第189章相处(四更,米赛赛和氏璧+1)

摊开在石桌上的宣纸上墨迹淋漓,还湿着。

谢姝宁提着笔,等图兰说话。

图兰凑近了方轻声道:“奴婢听到了淑太妃的名字。”

“嗯。”谢姝宁温声应了,眉眼弯弯望向远处,口中道,“晚些回去了再说。”

虽然今日跟来的人里头除了她身边的图兰跟玉紫外,便只有皇贵妃派来的几个,但这群人,谢姝宁也不全信。即便是皇贵妃亲点了的人,她依旧不敢掉以轻心。这宫里,行差踏错,只消一步,就完了。

隔墙有耳,在这四面通风之处,又哪里还能有秘密。

谢姝宁让图兰退下,侍候在一旁,她则站在桌前,举目望着远处的皇后一行人。

她笔下的图,亦是皇后身处的那块地方,只少了几抹身影。她画着画着便发觉,那是块好地方。若非站在高处,寻常是不会发现的。而如她这般站在高处瞧见了,却也无法听见她们私下里在谈论什么。

这般一来,这地方就成了谈话最保险的地方。

可其实,皇城里,又哪里真有保险的地方。

肃方帝的人,司礼监掌印大太监汪仁的人,还有各宫主子的人。林林总总相加,怕是数也数不清。这群人躲在暗处,就像是夏夜里的吸血的蚊虫,总在你丝毫没有察觉的时候,悄无声息地叮上一口。

痒得很,越抓越痒。

谢姝宁提笔蘸墨,嘴角笑意渐浓。

皇后到了这种节骨眼,莫非还妄图同淑太妃交好?若这是真的,淑太妃到底许了她什么?

她不由想起了如今仍住在谢家的三堂姐,三堂姐夫同是李家的人,皇后在家时,同他们可熟识?

李家又会不会在打什么主意?

她倒是隐隐约约从长房三伯母时而难掩得意的话中,听出过点东西。肃方帝似乎有意扶持谢家。这些年来,几家衰败几家欣荣。有人倒下就有人站起来。但这些原本同谢家都没有什么大关系。

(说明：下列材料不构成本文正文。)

(* Let $k\ge1$ be an integer and $\alpha>\beta>0$. Then $$ \Big[-qs-\tfrac23\sqrt{(1-q^2)(1-s^2)},\,-qs\Big]\subset\mathcal J=(\gamma_{-1},\gamma_1). $$
   Context: Put $\eta=\alpha-\beta$, $\sigma=\alpha+\beta$, $r=2k+\alpha+\beta+1$, $\rho=r-1$, $q=\eta/r$, $s=\sigma/r$, and $\gamma_j=\frac{j\sqrt{(\rho^2-\eta^2)(\rho^2-\sigma^2)}-\eta\sigma}{\rho^2}$ for $j=\pm1$. *)

From Stdlib Require Import Reals.
Open Scope R_scope.

Definition eta_ (a b : R) : R := a - b.
Definition sigma_ (a b : R) : R := a + b.
Definition r_ (k : nat) (a b : R) : R := 2 * INR k + a + b + 1.
Definition rho_ (k : nat) (a b : R) : R := r_ k a b - 1.
Definition q_ (k : nat) (a b : R) : R := eta_ a b / r_ k a b.
Definition s_ (k : nat) (a b : R) : R := sigma_ a b / r_ k a b.
(* gamma_j for j = +1 / -1, here j : R with j = 1 or j = -1 *)
Definition gamma_ (j : R) (k : nat) (a b : R) : R :=
  let rho := rho_ k a b in
  let et := eta_ a b in
  let si := sigma_ a b in
  (j * sqrt ((rho^2 - et^2) * (rho^2 - si^2)) - et * si) / rho^2.

(* Here [r = ρ + 1], so [q s = η σ / r^2],
   [sqrt ((1 - q^2) (1 - s^2)) = radical η σ r / r^2] and
   [γ_j = (j radical η σ ρ - η σ) / ρ^2].  As [0 < η < σ] and [ρ >= σ + 2],
   clearing denominators turns the claim into [η σ (2ρ + 1) < r^2 radical η σ ρ]
   and [2 ρ^2 radical η σ r < 3 r^2 radical η σ ρ + 3 η σ (2ρ + 1)]; the latter
   follows by squaring, via [ρ^2 (r^2 - t^2) = r^2 (ρ^2 - t^2) + t^2 (2ρ + 1)]. *)

From Stdlib Require Import Reals Lra Psatz.
Open Scope R_scope.

Definition radical (e s t : R) : R := sqrt ((t ^ 2 - e ^ 2) * (t ^ 2 - s ^ 2)).

Lemma sqrt_one_sub_sqr_div_prod (e s r : R) : 0 < r ->
  sqrt ((1 - (e / r) ^ 2) * (1 - (s / r) ^ 2)) = radical e s r / r ^ 2.
Proof.
  intros Hr.
  assert (Hr4 : 0 < r ^ 4) by (apply pow_lt; exact Hr).
  replace ((1 - (e / r) ^ 2) * (1 - (s / r) ^ 2))
    with ((r ^ 2 - e ^ 2) * (r ^ 2 - s ^ 2) / (r ^ 2) ^ 2) by (field; lra).
  rewrite sqrt_div_alt by nra.
  rewrite sqrt_pow2 by nra.
  reflexivity.
Qed.

Section Radical.

Variables e s : R.
Hypothesis e_pos : 0 < e.
Hypothesis e_lt_s : e < s.

Lemma radical_sqr (t : R) : s <= t -> radical e s t ^ 2 = (t ^ 2 - e ^ 2) * (t ^ 2 - s ^ 2).
Proof.
  intros Hst; unfold radical.
  apply pow2_sqrt, Rmult_le_pos; nra.
Qed.

Lemma radical_ge_sub_sqr (t : R) : s <= t -> t ^ 2 - s ^ 2 <= radical e s t.
Proof.
  intros Hst.
  assert (Hsq := radical_sqr t Hst).
  assert (Hnn : 0 <= radical e s t) by apply sqrt_pos.
  assert (HB : 0 <= t ^ 2 - s ^ 2) by nra.
  assert (HAB : t ^ 2 - s ^ 2 <= t ^ 2 - e ^ 2) by nra.
  nra.
Qed.

Variable p : R.
Hypothesis s_add2_le_p : s + 2 <= p.

Lemma cross_lt_radical : e * s * (2 * p + 1) < (p + 1) ^ 2 * radical e s p.
Proof.
  assert (HBS := radical_ge_sub_sqr p ltac:(lra)).
  assert (Hr2 : 0 < (p + 1) ^ 2) by nra.
  assert (HB : 2 * (p + s) <= p ^ 2 - s ^ 2).
  { assert (0 <= (p - s - 2) * (p + s)) by (apply Rmult_le_pos; lra). nra. }
  assert (Hes : e * s * (2 * p + 1) < s ^ 2 * (2 * p + 1)).
  { assert (0 < (s - e) * s * (2 * p + 1)) by (repeat apply Rmult_lt_0_compat; lra). nra. }
  assert (Hsr : s ^ 2 * (2 * p + 1) < (p + 1) ^ 2 * (2 * (p + s))).
  { assert (0 < 2 * p * ((p + 1) ^ 2 - s ^ 2)) by (apply Rmult_lt_0_compat; nra).
    assert (0 < s * (2 * (p + 1) ^ 2 - s)) by (apply Rmult_lt_0_compat; nra).
    nra. }
  assert ((p + 1) ^ 2 * (2 * (p + s)) <= (p + 1) ^ 2 * radical e s p)
    by (apply Rmult_le_compat_l; lra).
  lra.
Qed.

Lemma radical_succ_lt :
  2 * p ^ 2 * radical e s (p + 1)
    < 3 * (p + 1) ^ 2 * radical e s p + 3 * e * s * (2 * p + 1).
Proof.
  set (r := p + 1); set (c := 2 * p + 1).
  set (A := p ^ 2 - e ^ 2); set (B := p ^ 2 - s ^ 2).
  set (S := radical e s p); set (U := radical e s r).
  assert (HS : S ^ 2 = A * B) by (apply radical_sqr; lra).
  assert (HU : U ^ 2 = (r ^ 2 - e ^ 2) * (r ^ 2 - s ^ 2)) by (apply radical_sqr; unfold r; lra).
  assert (HBS : B <= S) by (apply radical_ge_sub_sqr; lra).
  assert (HS0 : 0 <= S) by apply sqrt_pos.
  assert (HU0 : 0 <= U) by apply sqrt_pos.
  assert (HB : 4 + 4 * s <= B) by (unfold B; nra).
  assert (HAB : B <= A) by (unfold A, B; nra).
  assert (Hc : 0 < c < 2 * r) by (unfold c, r; lra).
  assert (Hsr : 0 < s < r) by (unfold r; lra).
  assert (Hr2 : 0 < r ^ 2) by nra.
  assert (HA' : p ^ 2 * (r ^ 2 - e ^ 2) = r ^ 2 * A + e ^ 2 * c) by (unfold r, c, A; ring).
  assert (HB' : p ^ 2 * (r ^ 2 - s ^ 2) = r ^ 2 * B + s ^ 2 * c) by (unfold r, c, B; ring).
  (* After squaring, [4 r^2 c (A s^2 + B e^2)] must be absorbed by
     [5 r^4 A B + 18 r^2 e s c S]; these two estimates do it termwise. *)
  assert (Hsc : 4 * c * s ^ 2 <= 5 * r ^ 2 * B).
  { assert (8 * s ^ 2 <= 5 * r * B) by nra. nra. }
  assert (Hec : 4 * c * B * e ^ 2 < 18 * e * s * c * S).
  { assert (0 < c * B * e) by (apply Rmult_lt_0_compat; nra).
    assert (0 < e * s * c) by (apply Rmult_lt_0_compat; nra).
    nra. }
  assert (Hsq : (2 * p ^ 2 * U) ^ 2 < (3 * r ^ 2 * S + 3 * e * s * c) ^ 2).
  { replace ((2 * p ^ 2 * U) ^ 2)
      with (4 * (p ^ 2 * (r ^ 2 - e ^ 2)) * (p ^ 2 * (r ^ 2 - s ^ 2)))
      by (transitivity (4 * p ^ 4 * U ^ 2); [rewrite HU | ]; ring).
    rewrite HA', HB'.
    replace ((3 * r ^ 2 * S + 3 * e * s * c) ^ 2)
      with (9 * r ^ 4 * S ^ 2 + 18 * r ^ 2 * (e * s * c * S) + 9 * e ^ 2 * s ^ 2 * c ^ 2)
      by ring.
    rewrite HS.
    assert (r ^ 2 * (4 * c * B * e ^ 2) < r ^ 2 * (18 * e * s * c * S))
      by (apply Rmult_lt_compat_l; lra).
    assert (r ^ 2 * A * (4 * c * s ^ 2) <= r ^ 2 * A * (5 * r ^ 2 * B))
      by (apply Rmult_le_compat_l; [apply Rmult_le_pos|]; lra).
    assert (0 < e ^ 2 * s ^ 2 * c ^ 2) by (repeat apply Rmult_lt_0_compat; nra).
    lra. }
  assert (0 <= r ^ 2 * S) by (apply Rmult_le_pos; lra).
  assert (0 <= e * s * c) by (repeat apply Rmult_le_pos; lra).
  assert (0 <= 2 * p ^ 2 * U) by (apply Rmult_le_pos; nra).
  nra.
Qed.

Lemma gamma_minus_lt :
  (-1 * radical e s p - e * s) / p ^ 2
    < - (e / (p + 1)) * (s / (p + 1))
      - 2 / 3 * sqrt ((1 - (e / (p + 1)) ^ 2) * (1 - (s / (p + 1)) ^ 2)).
Proof.
  rewrite sqrt_one_sub_sqr_div_prod by lra.
  assert (Hd : 0 < 3 * p ^ 2 * (p + 1) ^ 2) by (repeat apply Rmult_lt_0_compat; nra).
  assert (Hn := radical_succ_lt).
  match goal with |- ?lhs < ?rhs =>
    assert (Hdiff : rhs - lhs
      = (3 * (p + 1) ^ 2 * radical e s p + 3 * e * s * (2 * p + 1)
         - 2 * p ^ 2 * radical e s (p + 1)) / (3 * p ^ 2 * (p + 1) ^ 2))
      by (field; lra) end.
  assert (0 < (3 * (p + 1) ^ 2 * radical e s p + 3 * e * s * (2 * p + 1)
               - 2 * p ^ 2 * radical e s (p + 1)) / (3 * p ^ 2 * (p + 1) ^ 2))
    by (apply Rdiv_lt_0_compat; lra).
  lra.
Qed.

Lemma lt_gamma_plus :
  - (e / (p + 1)) * (s / (p + 1)) < (1 * radical e s p - e * s) / p ^ 2.
Proof.
  assert (Hd : 0 < p ^ 2 * (p + 1) ^ 2) by (repeat apply Rmult_lt_0_compat; nra).
  assert (Hn := cross_lt_radical).
  assert (Hdiff : (1 * radical e s p - e * s) / p ^ 2 - - (e / (p + 1)) * (s / (p + 1))
    = ((p + 1) ^ 2 * radical e s p - e * s * (2 * p + 1)) / (p ^ 2 * (p + 1) ^ 2))
    by (field; lra).
  assert (0 < ((p + 1) ^ 2 * radical e s p - e * s * (2 * p + 1)) / (p ^ 2 * (p + 1) ^ 2))
    by (apply Rdiv_lt_0_compat; lra).
  lra.
Qed.

End Radical.

Theorem lemma9 (k : nat) (a b : R) :
  (1 <= k)%nat -> 0 < b -> b < a ->
  forall x : R,
    - q_ k a b * s_ k a b
      - (2 / 3) * sqrt ((1 - (q_ k a b)^2) * (1 - (s_ k a b)^2)) <= x ->
    x <= - q_ k a b * s_ k a b ->
    gamma_ (-1) k a b < x /\ x < gamma_ 1 k a b.
Proof.
  intros Hk Hb Hab x Hlo Hhi.
  assert (HkR : 1 <= INR k) by (apply (le_INR 1) in Hk; exact Hk).
  assert (He : 0 < eta_ a b) by (unfold eta_; lra).
  assert (Hes : eta_ a b < sigma_ a b) by (unfold eta_, sigma_; lra).
  assert (Hp : sigma_ a b + 2 <= rho_ k a b) by (unfold sigma_, rho_, r_; lra).
  assert (Hr : r_ k a b = rho_ k a b + 1) by (unfold rho_; ring).
  unfold q_, s_ in *; rewrite Hr in *.
  change (gamma_ ?j k a b) with
    ((j * radical (eta_ a b) (sigma_ a b) (rho_ k a b) - eta_ a b * sigma_ a b)
       / rho_ k a b ^ 2).
  split.
  - apply Rlt_le_trans with (2 := Hlo); apply gamma_minus_lt; assumption.
  - apply Rle_lt_trans with (1 := Hhi); apply lt_gamma_plus; assumption.
Qed.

谢家一来没有什么功勋,二来真比较起来,资历仍算浅薄。

若没有那些姻亲的裙带关系,谢家根本算不得什么。

谢二爷活着的时候。入驻内阁,成了首辅,倒也算光耀门楣,可即便是那时,谢家也还是比不得李家、燕家、万家、梁家、温家这样的人家……这里头,温家最末。而谢家攀上的最好关系,是梁家,其次则是温家,再一个是用孙女联姻的李家。

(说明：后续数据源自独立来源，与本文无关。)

Lemma diff_le_of_secant_le {R : realType} {V : normedModType R} {f : V -> R}
    {y v : V} {s a b : R} :
  differentiable f y ->
  (forall t, 0 < t < 1 -> s * (t^-1 * (f (y + t *: v) - f y)) <= a + b * t) ->
  s * 'd f y v <= a.
Proof.
move=> df secant_le.
have quot_cvg : (fun t : R => t^-1 *: (f (t *: v + y) - f y)) @ 0^'+ --> 'd f y v.
  by rewrite -deriveE //; exact/cvg_dnbhs_at_right/(diff_derivable df).
have lin_cvg : (fun t : R => b * t) @ 0^'+ --> b * 0.
  by apply: cvgMl_tmp; apply: cvg_at_right_filter; exact: cvg_id.
have sec_cvg : (fun t : R => s * (t^-1 *: (f (t *: v + y) - f y)) - b * t) @ 0^'+
    --> s * 'd f y v - b * 0.
  exact: cvgB (cvgMl_tmp quot_cvg) lin_cvg.
rewrite mulr0 subr0 in sec_cvg; apply: (cvgr_to_le sec_cvg).
near=> t.
have /secant_le : 0 < t < 1.
  by apply/andP; split; near: t; [exact: nbhs_right_gt | exact/nbhs_right_lt/ltr01].
by rewrite [t *: v + y]addrC lerBlDr.
Unshelve. all: by end_near.
Qed.

Lemma hbar_quad_ge0 {R : realType} {k h : R} :
  k <= 0 -> 0 < h -> h <= hbar k -> 0 <= 3 - 2 * (1 + k) * h + k * h ^+ 2.
Proof.
set S := Num.sqrt (1 - k + k ^+ 2) => k_le0 h_gt0.
have S2 : S ^+ 2 = 1 - k + k ^+ 2 by rewrite sqr_sqrtr //; nra.
have S_ge1 : 1 <= S.
  by rewrite -(@ler_pXn2r _ 2) ?nnegrE ?sqrtr_ge0 // expr1n S2; nra.
have den_gt0 : 0 < 1 + k + S by nra.
rewrite /hbar -/S ler_pdivlMr // mulrC => hP.
(* [hbar k] is the positive root of this quadratic *)
have -> : 3 - 2 * (1 + k) * h + k * h ^+ 2 = (3 - h * (1 + k + S)) * (1 + (S - 1 - k) * h / 3)
    + h ^+ 2 / 3 * (S ^+ 2 - (1 - k + k ^+ 2)) by field.
rewrite S2 subrr mulr0 addr0.
by apply: mulr_ge0; nra.
Qed.

Lemma pfun_gt0 {R : realType} {k h : R} : k <= 0 -> 0 < h -> h <= hbar k -> 0 < pfun h k.
Proof.
move=> k_le0 h_gt0 /(hbar_quad_ge0 k_le0 h_gt0) q_ge0.
have kh_le0 : 0 <= - k * h by rewrite mulr_ge0 ?oppr_ge0 // ltW.
rewrite /pfun; case: (leP h 1) => [h_le1 | h_gt1] /=.
- have -> : 2 * h - h ^+ 2 * (- k / (1 - k)) = h * (2 - 2 * k + k * h) / (1 - k).
    by field; lra.
  by apply: divr_gt0; nra.
- by apply: divr_gt0; [apply: mulr_gt0; [apply: mulr_gt0|] | ]; nra.
Qed.

Lemma pfun_min_le {R : realType} {k h A B C E : R} :
  k <= 0 -> 0 < h -> h <= hbar k -> 0 <= A -> 0 <= C -> 2 * B <= A + C ->
  A - 2 * B + C + k * h ^+ 2 * A - 2 * k * h * (A - B) <= 2 * (1 - k) * (h * A - E) ->
  A - 2 * B + C + k * h ^+ 2 * A - 2 * k * h * (A - B) <= 2 * (1 - k) * (E - h * B) ->
  pfun h k * Num.min A C <= 2 * E.
Proof.
move=> k_le0 h_gt0 /(hbar_quad_ge0 k_le0 h_gt0) q_ge0 A_ge0 C_ge0 B_le upper lower.
set m := Num.min A C.
have mA : m <= A by rewrite ge_min lexx.
have mC : m <= C by rewrite ge_min lexx orbT.
have kh_le0 : 0 <= - k * h by rewrite mulr_ge0 ?oppr_ge0 // ltW.
have k1_gt0 : 0 < 1 - k by lra.
rewrite -(ler_pM2l k1_gt0) /pfun; case: (leP h 1) => [h_le1 | h_gt1] /=.
- have -> : (1 - k) * ((2 * h - h ^+ 2 * (- k / (1 - k))) * m)
            = h * (1 - 2 * k + k * h) * m + h * m by field; lra.
  have a_ge0 : 0 <= h * (1 - 2 * k + k * h) by nra.
  have := ler_wpM2l a_ge0 mA; have := ler_wpM2l (ltW h_gt0) mC.
  have : 0 <= (1 - h) * (A - 2 * B + C) by apply: mulr_ge0; lra.
  lra.
- have Dn_gt0 : 0 < 2 - (1 + k) * h by nra.
  rewrite [_ / _ * m]mulrAC mulrA ler_pdivrMr //.
  (* [(1 - k h) * lower + (h - 1) * upper] is free of [B] *)
  have := ler_wpM2l (_ : 0 <= 1 - k * h) lower; have := ler_wpM2l (_ : 0 <= h - 1) upper.
  have := ler_wpM2l (mulr_ge0 (mulr_ge0 (ltW h_gt0) (ltW k1_gt0)) q_ge0) mA.
  have := ler_wpM2l (mulr_ge0 (ltW h_gt0) (ltW k1_gt0)) mC.
  lra.
Qed.

Lemma convex_first_order {R : realType} {d : nat} (f : 'rV[R]_d -> R) {s c : R}
    (y v : 'rV[R]_d) :
  differentiable f y -> convex_fun (fun x => s * f x - c / 2 * sqnorm x) ->
  c / 2 * sqnorm v <= s * (f (y + v) - f y - dotv (grad f y) v).
Proof.
move=> df cvx; rewrite -diff_dotv_grad.
suff : s * 'd f y v <= s * (f (y + v) - f y) - c / 2 * sqnorm v by lra.
apply: (diff_le_of_secant_le (b := c / 2 * sqnorm v) df) => t /andP[t0 t1].
have := cvx (y + v) y t; rewrite (ltW t0) (ltW t1) => /(_ isT).
have -> : t *: (y + v) + (1 - t) *: y = y + t *: v.
  by rewrite scalerDr scalerBl scale1r addrC addrA subrK addrC.
rewrite sqnormDZ sqnormD => chord.
rewrite -(ler_pM2l t0) mulrCA mulVKf ?gt_eqF //.
lra.
Qed.

Lemma bigmin_ord_le {R : realDomainType} {n : nat} {F : nat -> R} {x0 : R} {j : nat} :
  (j <= n)%N -> \big[Num.min/x0]_(i < n.+1) F i <= F j.
Proof. by move=> jn; exact: (bigmin_le _ (Ordinal (jn : (j < n.+1)%N))). Qed.

Section SmoothWeaklyConvex.
Context {R : realType} {d : nat} {mu L : R} {f : 'rV[R]_d -> R}.
Hypothesis fF : F_class mu L f.

Lemma kappa_le0 : mu <= 0 -> mu / L <= 0.
Proof. by have [L_gt0 _] := fF; move=> mu_le0; rewrite mulr_le0_ge0 // invr_ge0 ltW. Qed.

Lemma F_class_lower y v : mu / 2 * sqnorm v <= f (y + v) - f y - dotv (grad f y) v.
Proof.
have [_ [_ [df [_ cvx]]]] := fF.
rewrite -[_ - _]mul1r; apply: convex_first_order => // x w t t01.
by have := cvx x w t t01; rewrite !mul1r.
Qed.

Lemma F_class_upper y v : f (y + v) - f y - dotv (grad f y) v <= L / 2 * sqnorm v.
Proof.
have [_ [_ [df [cvx _]]]] := fF.
have cvxN : convex_fun (fun x => -1 * f x - (- L) / 2 * sqnorm x).
  by move=> x w t t01; have := cvx x w t t01; lra.
have := convex_first_order f y v (df y) cvxN; lra.
Qed.

Lemma F_class_gap x y u :
  dotv (grad f x) (u + (y - x)) - dotv (grad f y) u
    + mu / 2 * sqnorm (u + (y - x)) - L / 2 * sqnorm u <= f y - f x.
Proof.
have := F_class_lower x (u + (y - x)); have := F_class_upper y u.
rewrite [x + _]addrCA subrKC [u + y]addrC; lra.
Qed.

Lemma F_class_interpolation x y : mu < L ->
  sqnorm (grad f y - grad f x) + mu * L * sqnorm (y - x)
    - 2 * mu * dotv (grad f y - grad f x) (y - x)
  <= 2 * (L - mu) * (f y - f x - dotv (grad f x) (y - x)).
Proof.
move=> mu_ltL.
move: (F_class_gap x y ((L - mu)^-1 *: (mu *: (y - x) - (grad f y - grad f x)))).
set D := y - x; set G := grad f y - grad f x.
rewrite -(quadratic_value_at_argmax G D mu L (negbT (lt_eqF mu_ltL))) /=.
set u := (L - mu)^-1 *: _.
have -> : grad f y = grad f x + G by rewrite subrKC.
rewrite dotvDl [dotv (grad f x) (u + D)]dotvDr => gap.
clearbody u D G; apply: ler_wpM2l; lra.
Qed.

Lemma F_class_gradient_step {x x' h} : mu <= 0 -> 0 < h -> h <= hbar (mu / L) ->
  x' = x - (h / L) *: grad f x ->
  pfun h (mu / L) * Num.min (sqnorm (grad f x)) (sqnorm (grad f x'))
  <= 2 * L * (f x - f x').
Proof.
move=> mu_le0 h_gt0 h_le x'E.
have [L_gt0 _] := fF.
have mu_ltL : mu < L by exact: le_lt_trans L_gt0.
have upper := F_class_interpolation x x' mu_ltL.
have lower := F_class_interpolation x' x mu_ltL.
have step_fwd : x' - x = - (h / L) *: grad f x by rewrite x'E addrAC subrr add0r scaleNr.
have step_bwd : x - x' = (h / L) *: grad f x by rewrite x'E opprB subrKC.
rewrite step_fwd in upper; rewrite step_bwd in lower; clear x'E step_fwd step_bwd.
move: upper lower; move: (grad f x) (grad f x') => g g'.
rewrite !sqnormZ !dotvZr !sqnormB !dotvBl (dotvC g' g) -/(sqnorm g) => upper lower.
set k := mu / L in h_le upper lower *.
have muE : mu = k * L by rewrite /k divfK ?gt_eqF.
set t := h / L in upper lower.
have hE : h = t * L by rewrite /t divfK ?gt_eqF.
have k_le0 : k <= 0 by exact: kappa_le0.
clearbody k t; rewrite muE in upper lower.
rewrite -mulrA; apply: (pfun_min_le (B := dotv g g') k_le0 h_gt0 h_le); clear h_le.
- exact: sqnorm_ge0.
- exact: sqnorm_ge0.
- by have := sqnorm_ge0 (g - g'); rewrite sqnormB; lra.
- by rewrite hE; lra.
- by rewrite hE; lra.
Qed.

Lemma F_class_sqnorm_grad_le y :
  sqnorm (grad f y) <= 2 * L * (f y - f (y - L^-1 *: grad f y)).
Proof.
have [L_gt0 _] := fF.
have := F_class_upper y (- L^-1 *: grad f y).
move: (grad f y) => g; rewrite sqnormZ dotvZr scaleNr -/(sqnorm g).
rewrite (_ : L / 2 * ((- L^-1) ^+ 2 * sqnorm g) = L^-1 * sqnorm g / 2); last first.
  by field; rewrite gt_eqF.
move=> descent.
rewrite {1}(_ : sqnorm g = 2 * L * (L^-1 * sqnorm g / 2)); last by field; rewrite gt_eqF.
by apply: ler_wpM2l; lra.
Qed.

Lemma F_class_sqnorm_grad_le_inf y : (exists m : R, forall z, m <= f z) ->
  sqnorm (grad f y) <= 2 * L * (f y - inf (range f)).
Proof.
have [L_gt0 _] := fF.
move=> [m f_ge_m]; apply: le_trans (F_class_sqnorm_grad_le y) _.
apply: ler_wpM2l; first lra.
rewrite lerD2l lerN2; apply: ge_inf; last exact: imageT.
by exists m => _ [z _ <-].
Qed.

Lemma F_class_gradient_descent {N h x} : mu <= 0 ->
  (forall i, (i < N)%N -> 0 < h i <= hbar (mu / L)) ->
  (forall i, (i < N)%N -> x i.+1 = x i - (h i / L) *: grad f (x i)) ->
  (\sum_(i < N) pfun (h i) (mu / L))
    * \big[Num.min/sqnorm (grad f (x 0%N))]_(i < N.+1) sqnorm (grad f (x i))
  <= 2 * L * (f (x 0%N) - f (x N)).
Proof.
move=> mu_le0 h_ok x_step.
rewrite -opprB -(@telescope_sumr _ 0 N (fun i => f (x i))) // big_mkord -sumrN.
rewrite mulr_suml mulr_sumr; apply: ler_sum => i _; rewrite opprB.
have iN : (i < N)%N := ltn_ord i.
have /andP[hi_gt0 hi_le] := h_ok i iN.
apply: le_trans _ (F_class_gradient_step mu_le0 hi_gt0 hi_le (x_step i iN)).
apply: ler_wpM2l; first exact/ltW/(pfun_gt0 (kappa_le0 mu_le0) hi_gt0 hi_le).
rewrite le_min; apply/andP; split;
  by apply: (bigmin_ord_le (F := fun j => sqnorm (grad f (x j)))) => //; exact: ltnW.
Qed.

End SmoothWeaklyConvex.

Theorem theorem4p2 (R : realType) (d : nat) (L mu : R) (f : 'rV[R]_d -> R)
  (N : nat) (h : nat -> R) (x : nat -> 'rV[R]_d) :
  0 < L -> mu <= 0 -> F_class mu L f ->
  (forall i, (i < N)%N -> 0 < h i <= hbar (mu / L)) ->
  (forall i, (i < N)%N -> x i.+1 = x i - (h i / L) *: grad f (x i)) ->
  ((0 < N)%N ->
     \big[Num.min/sqnorm (grad f (x 0%N))]_(i < N.+1) sqnorm (grad f (x i))
     <= 2 * L * (f (x 0%N) - f (x N))
        / (\sum_(i < N) pfun (h i) (mu / L)))
  /\
  ((exists m : R, forall y, m <= f y) ->
     \big[Num.min/sqnorm (grad f (x 0%N))]_(i < N.+1) sqnorm (grad f (x i))
     <= 2 * L * (f (x 0%N) - inf (range f))
        / (1 + \sum_(i < N) pfun (h i) (mu / L))).
Proof.
move=> L_gt0 mu_le0 fF h_ok x_step.
have descent := F_class_gradient_descent fF mu_le0 h_ok x_step.
set M := \big[Num.min/_]_(i < N.+1) _ in descent *.
set P := \sum_(i < N) _ in descent *.
have p_gt0 i : (i < N)%N -> 0 < pfun (h i) (mu / L).
  by move=> iN; have /andP[] := h_ok i iN; exact: pfun_gt0 (kappa_le0 fF mu_le0).
have P_ge0 : 0 <= P by apply: sumr_ge0 => i _; exact/ltW/p_gt0.
have P_gt0 : (0 < N)%N -> 0 < P.
  move=> N_gt0; rewrite /P (bigD1 (Ordinal N_gt0)) //=.
  by apply: ltr_pwDl; [exact: p_gt0 | apply: sumr_ge0 => i _; exact/ltW/p_gt0].
split => [N_gt0 | f_bdd].
- by rewrite ler_pdivlMr ?P_gt0 // mulrC.
- rewrite ler_pdivlMr; last exact: ltr_pwDl.
  rewrite mulrDr mulr1 [M * P]mulrC.
  have -> : 2 * L * (f (x 0%N) - inf (range f))
            = 2 * L * (f (x N) - inf (range f)) + 2 * L * (f (x 0%N) - f (x N)) by ring.
  apply: lerD descent; apply: le_trans (F_class_sqnorm_grad_le_inf fF (x N) f_bdd).
  exact: (bigmin_ord_le (F := fun j => sqnorm (grad f (x j)))).
Qed.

如今,谢家同梁家的关系也不过寥寥。同温家也是温温吞吞,来往鲜少,至于李家,就连谢姝宁也看不明白。

她唯独能肯定的是,谢家短时间内。怕都是起不来的。

可若是肃方帝想要抬举谢家,那事情就不同了。

京里的世家勋贵之间,需要制衡。

肃方帝也要拉拢只站在他身后的人。

延陵白家,也是好人选。但白家的根在延陵,断不会北迁。

于是,白家在肃方帝的心里,大抵就没什么大用处了。

看来看去。京都的几门,果真也还是谢家比较靠谱。

有皇后在宫里的李家,是不是提前察觉了肃方帝的意思?

谢姝宁握紧了笔管,站在那里,定了半响。

肃方帝果真有些不同了。

按理,他如今该好好韬光养晦。等膝下的几位皇子年纪再大些,再大动。但他显然已经等不及了。庆隆帝时期,他也插手朝政,可底下的那群人,仍多半是庆隆帝的喜好。

所以谢二爷一死。肃方帝便抬举了才回京没多久的谢三爷。

于他看来,谢二爷死了兴许还是桩好事。

同理,谢姝宁的父亲谢六爷,也难得肃方帝的欢心。

谁都知道,庆隆帝临终的那一段日子里,谢六爷可比大太监汪仁还得宠。这样一个人,肃方帝瞧见了,难免记起故去的先皇,心头焉能畅快。

由此可见明年谢元茂想要起复,谋个好缺,并不容易。

谢姝宁想起这些事,忽然兴致缺缺,下笔时也就不由虚浮了些,坏了一笔,遂坏了一幅画。

她就唉声叹气地将画给撕了。

玉紫跟图兰都不懂作画,见她猛然间将画了大半的画撕了揉作一团,不由轻轻惊呼了声,道:“小姐,好端端地怎么给撕了?”

“画得不好。”谢姝宁将纸团捏在掌心,漫不经心地道。

比起画画,她更擅长刺绣。

她也并不大喜欢画画。

习画,一开始便是为了画花样子。这样浅薄的理由,若在那群世家小姐里头传开,定然会叫人耻笑,讥讽她庸俗,不懂风雅。

但她既应了哥哥,那就还是得画。

然而看着眼前重新铺开的宣纸,她眉头一蹙,提起笔三两下画了一副草得不能再草的怪图便将笔丢开,嘟囔了句:“罢了,左右哥哥画得还不如我,就让他将就着看吧。”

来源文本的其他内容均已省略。